When President Oba-ma released his fiscal 2011 budget last week, there were a few nuggets of waste that made his list of spending cuts. One of the largest is the elimination of the alternate engine for the Joint Strike Fighter, a $7.2 billion boondoggle that is being kept alive by a small number of pork-barrel-loving members of Congress.

The program terminations and reductions total $23 billion over one year and $240 billion over 10 years. As usual, they will face objections from members of Congress who seek to protect their turf and promote their re-election. The spending cuts are worth supporting, but they fall far short of what’s possible. Our research shows the president could have cut 10 times as much in the first year, adding up to more than $2 trillion in just five years.

The president’s budget agrees with analysis on 65 recommendations totaling $11.9 billion, including the termination of the F136 alternate engine, which would save $465 million in the first year. The project has been opposed by the Department of Defense and both the George W. Bush and Obama administrations. Nonetheless, Congress has earmarked $1.2 billion for the program since 2004, one of the largest single earmarks in the appropriations bills.

In its analysis of the alternate engine in its “Terminations, Reductions, and Savings” report for fiscal 2011, the Office of Management and Budget asserted that the Joint Strike Fighter’s F135 main engine program is progressing well, the second engine is “unnecessary,” savings from competition would not make up for the high costs of the F136 program, and canceling the alternate engine program would ” … result in near-term savings of over a billion dollars.”

According to retired Air Force Gen.
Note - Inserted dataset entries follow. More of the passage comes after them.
Lemma abs_le_of_is_lub (f F : R -> R -> R) Mf :
  (forall x y, Tri x y -> F x y = f x y) ->
  is_lub (fun r => exists x y, Tri x y /\ r = Rabs (f x y)) Mf ->
  (forall x y, Tri x y -> Rabs (F x y) <= Mf) /\ 0 <= Mf.
Proof.
  intros HF [Hub _].
  assert (Hb : forall x y, Tri x y -> Rabs (F x y) <= Mf).
  { intros x y Hxy; rewrite HF by auto; apply Hub; exists x, y; auto. }
  split; auto; eapply Rle_trans; [apply Rabs_pos | apply (Hb 0 0); unfold Tri; lra].
Qed.

Lemma goursat_of_restriction (f k F K kx ky : R -> R -> R) :
  (forall x y, Tri x y -> F x y = f x y) ->
  (forall x y, Tri x y -> K x y = k x y /\ pdx K x y = kx x y /\ pdy K x y = ky x y) ->
  (forall x y, Tri x y -> ky x y + kx x y = f x y - RInt (fun eta => f x eta * k eta y) y x) ->
  forall x y, Tri x y -> pdy K x y + pdx K x y = F x y - RInt (fun eta => F x eta * K eta y) y x.
Proof.
  intros HF HK Hgoursat x y Hxy.
  destruct (HK x y Hxy) as [_ [-> ->]]; rewrite Hgoursat, HF by auto.
  destruct Hxy as [Hy [Hyx Hx]]; f_equal; apply RInt_ext_on; auto.
  intros eta Heta; rewrite HF, (proj1 (HK eta y ltac:(unfold Tri; lra))) by (unfold Tri; lra); reflexivity.
Qed.

Lemma error_pde_of_restriction (f k F K : R -> R -> R) (g : R -> R)
  (u ux ut uh uhx uht Hu Huh : R -> R -> R) :
  C1_R2 Hu -> C1_R2 Huh -> cont2 F ->
  (forall x y, Tri x y -> F x y = f x y) ->
  (forall x, 0 <= x <= 1 -> K x 0 = k x 0) ->
  (forall x t, Dom x t -> Hu x t = u x t /\ pdx Hu x t = ux x t /\ pdy Hu x t = ut x t) ->
  (forall x t, Dom x t -> Huh x t = uh x t /\ pdx Huh x t = uhx x t /\ pdy Huh x t = uht x t) ->
  (forall x t, Dom x t -> ut x t = ux x t + g x * u 0 t + RInt (fun y => f x y * u y t) 0 x) ->
  (forall x t, Dom x t -> uht x t = uhx x t + g x * uh 0 t + RInt (fun y => f x y * uh y t) 0 x
                                   + (g x - k x 0) * (u 0 t - uh 0 t)) ->
  forall x t, Dom x t ->
    pdy (fun x t => Hu x t - Huh x t) x t =
    pdx (fun x t => Hu x t - Huh x t) x t + K x 0 * (Hu 0 t - Huh 0 t)
    + RInt (fun y => F x y * (Hu y t - Huh y t)) 0 x.
Proof.
  intros HHu HHuh CF HFT HKT HuT HuhT HuPDE HuhPDE x t [Hx Ht].
  destruct (C1_R2_minus Hu Huh HHu HHuh) as [_ [-> ->]].
  destruct (HuT x t ltac:(split; lra)) as [_ [-> ->]], (HuhT x t ltac:(split; lra)) as [_ [-> ->]].
  rewrite HuPDE, HuhPDE, HKT, (proj1 (HuT 0 t ltac:(split; lra))), (proj1 (HuhT 0 t ltac:(split; lra)))
    by (try split; lra).
  assert (Hext : forall (v Hv : R -> R -> R), (forall y, Dom y t -> Hv y t = v y t) ->
            RInt (fun y => f x y * v y t) 0 x = RInt (fun y => F x y * Hv y t) 0 x).
  { intros v Hv Heq; apply RInt_ext_on; [lra|]; intros y Hy.
    rewrite HFT, Heq by (unfold Tri, Dom; lra); reflexivity. }
  rewrite (Hext u Hu), (Hext uh Huh) by (intros y Hy; apply (HuT y t Hy) || apply (HuhT y t Hy)).
  rewrite (RInt_ext_all (fun y => F x y * (Hu y t - Huh y t)) (fun y => F x y * Hu y t - F x y * Huh y t))
    by (intros; ring).
  rewrite RInt_Rminus by (apply ex_RInt_cont1, cont1_mult; [apply cont1_section_r | apply cont1_section_l];
                          auto using C1_R2_cont).
  ring.
Qed.
Theorem theorem2
  (f : R -> R -> R) (g : R -> R) (Mf : R)
  (k kx ky : R -> R -> R)
  (U Udot u0 u0' uh0 uh0' : R -> R)
  (u ux ut uh uhx uht : R -> R -> R)
  (* regularity of f and g, and M_f = sup_T |f| *)
  (Hf : exists fx fy, C1_on2 Tri f fx fy)
  (Hg : exists g', C1_on I01 g g')
  (HMf : is_lub (fun r => exists x y, Tri x y /\ r = Rabs (f x y)) Mf)
  (* k is a C^1(T) solution of the Goursat problem *)
  (Hk : C1_on2 Tri k kx ky)
  (HkPDE : forall x y, Tri x y ->
      ky x y + kx x y = f x y - RInt (fun eta => f x eta * k eta y) y x)
  (HkBC : forall y, I01 y -> k 1 y = 0)
  (* input and initial data *)
  (HU : C1_on Rplus_set U Udot)
  (Hu0 : C1_on I01 u0 u0')
  (Huh0 : C1_on I01 uh0 uh0')
  (* compatibility conditions, with p1(x) = g(x) - k(x,0) *)
  (Hcomp1 : u0 1 = U 0)
  (Hcomp2 : Udot 0 = u0' 1 + g 1 * u0 0 + RInt (fun y => f 1 y * u0 y) 0 1)
  (Hcomp3 : uh0 1 = U 0)
  (Hcomp4 : Udot 0 = uh0' 1 + g 1 * uh0 0 + RInt (fun y => f 1 y * uh0 y) 0 1
                     + (g 1 - k 1 0) * (u0 0 - uh0 0))
  (* u is a classical solution of the plant *)
  (Hu : C1_on2 Dom u ux ut)
  (HuPDE : forall x t, Dom x t ->
      ut x t = ux x t + g x * u 0 t + RInt (fun y => f x y * u y t) 0 x)
  (HuBC : forall t, 0 <= t -> u 1 t = U t)
  (HuIC : forall x, I01 x -> u x 0 = u0 x)
  (* uh is a classical solution of the observer *)
  (Huh : C1_on2 Dom uh uhx uht)
  (HuhPDE : forall x t, Dom x t ->
      uht x t = uhx x t + g x * uh 0 t + RInt (fun y => f x y * uh y t) 0 x
                + (g x - k x 0) * (u 0 t - uh 0 t))
  (HuhBC : forall t, 0 <= t -> uh 1 t = U t)
  (HuhIC : forall x, I01 x -> uh x 0 = uh0 x) :
  (forall t c, 0 <= t -> 0 < c ->
     L2norm (fun x => u x t - uh x t) <=
       (exp c * (1 + (Mf * exp Mf) * exp (Mf * exp Mf)) * (1 + Mf * exp Mf))
       * exp (- c * t) * L2norm (fun x => u0 x - uh0 x))
  /\ (forall x t, I01 x -> 1 <= t -> uh x t = u x t).
Proof.
  destruct Hf as [fx [fy [F [HF HFT]]]], Hk as [K [HK HKT]].
  destruct Hu as [Hu' [HHu HHuT]], Huh as [Huh' [HHuh HHuhT]].
  set (E := fun x t => Hu' x t - Huh' x t).
  assert (CF := C1_R2_cont F HF).
  assert (HFf : forall x y, Tri x y -> F x y = f x y) by (intros; apply HFT; auto).
  destruct (abs_le_of_is_lub f F Mf HFf HMf) as [F_bound Mf_ge_0].
  assert (K_goursat := goursat_of_restriction f k F K kx ky HFf HKT HkPDE).
  assert (K_bc : forall y, I01 y -> K 1 y = 0).
  { intros y Hy; rewrite (proj1 (HKT 1 y ltac:(unfold Tri, I01 in *; lra))); auto. }
  assert (E_pde := error_pde_of_restriction f k F K g u ux ut uh uhx uht Hu' Huh' HHu HHuh CF HFf
    (fun x Hx => proj1 (HKT x 0 ltac:(unfold Tri; lra))) HHuT HHuhT HuPDE HuhPDE).
  assert (HuE : forall x t, Dom x t -> u x t - uh x t = E x t).
  { intros x t Hd; unfold E; rewrite (proj1 (HHuT x t Hd)), (proj1 (HHuhT x t Hd)); reflexivity. }
  assert (E_bc : forall t, 0 <= t -> E 1 t = 0).
  { intros t Ht; rewrite <- HuE, HuBC, HuhBC by (unfold Dom; lra); ring. }
  pose proof (proj1 (C1_R2_minus Hu' Huh' HHu HHuh)) as E_C1.
  split.
  - intros t c Ht Hc.
    rewrite (L2norm_ext_on _ (fun x => E x t)), (L2norm_ext_on (fun x => u0 x - uh0 x) (fun x => E x 0))
      by (intros x Hx; rewrite <- HuE, ?HuIC, ?HuhIC by (unfold Dom, I01; lra); reflexivity).
    apply (error_exp_decay F K Mf); auto.
  - intros x t Hx Ht.
    pose proof (HuE x t ltac:(unfold Dom, I01 in *; lra)).
    pose proof (error_eq_0 F K Mf CF HK Mf_ge_0 F_bound K_goursat K_bc E E_C1 E_pde E_bc x t Hx Ht); lra.
Qed.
John Michael Loh, “The current engine in the F-35 is in production and exceeding expectations. It has a strong pedigree as a variant of the F-22 engine. That engine, the Pratt & Whitney F119, has been one of the most successful engine development- and-production programs in history. It is three times safer and more reliable than its predecessor, the F100 engine. There is no reason to expect a catastrophic failure that would necessitate an alternate engine.”

Ultimately, buying two engines for the same plane means buying fewer planes. Gen. Mark Shackelford testified in June before the Senate Armed Services Subcommittee on Airland that funding the alternate engine means the Pentagon will have to forgo building 53 additional F-35s.

The F136 program also has faced substantial technical problems. In October, testing on the alternate engine was halted when a nut came loose, damaging turbine blades in the engine. Then, in November, Reuters news agency reported that deliveries of the engine would be delayed by one year. According to Reuters, “A second source familiar with the program said it made sense to delay work on GE-Rolls production engines given that the team had only completed 52 hours of testing on its F136 engine, far below the 350 to 400 hours expected by this point.”

Last year, Sen. John Kerry and Rep. John Tierney, both Massachusetts Democrats, were among a handful of legislators who pushed to include $465 million for the alternate engine in the conference report on the fiscal 2010 Department of Defense Appropriations Act. Even the hometown Boston Globe criticized the two porkers, saying that they have a “responsibility to draw a line when it comes to projects that are wasteful or unnecessary.”

Massachusetts has been in the headlines since the election of Scott Brown to the Senate on Jan. 19. Taxpayers can hope he will make the responsible choice and vote against the alternate engine based on the overwhelming evidence that there is no military or fiscal reason to fund the program. Last year, 59 of his soon-to-be colleagues agreed to an amendment to eliminate funding for the program in the fiscal 2010 Defense Authorization Act.

The alternate engine is the latest in a long line of unneeded and expensive earmarks that are supported by only a handful of legislators. Members of Congress are not agreeing on much of anything, but it would be a sound military and fiscal decision to stop funding the alternate engine in the upcoming budget process.

Tom Schatz is president of Citizens Against Government Waste, whose new report, 2010 Prime Cuts, has 763 recommendations that would save $2.2 trillion over five years.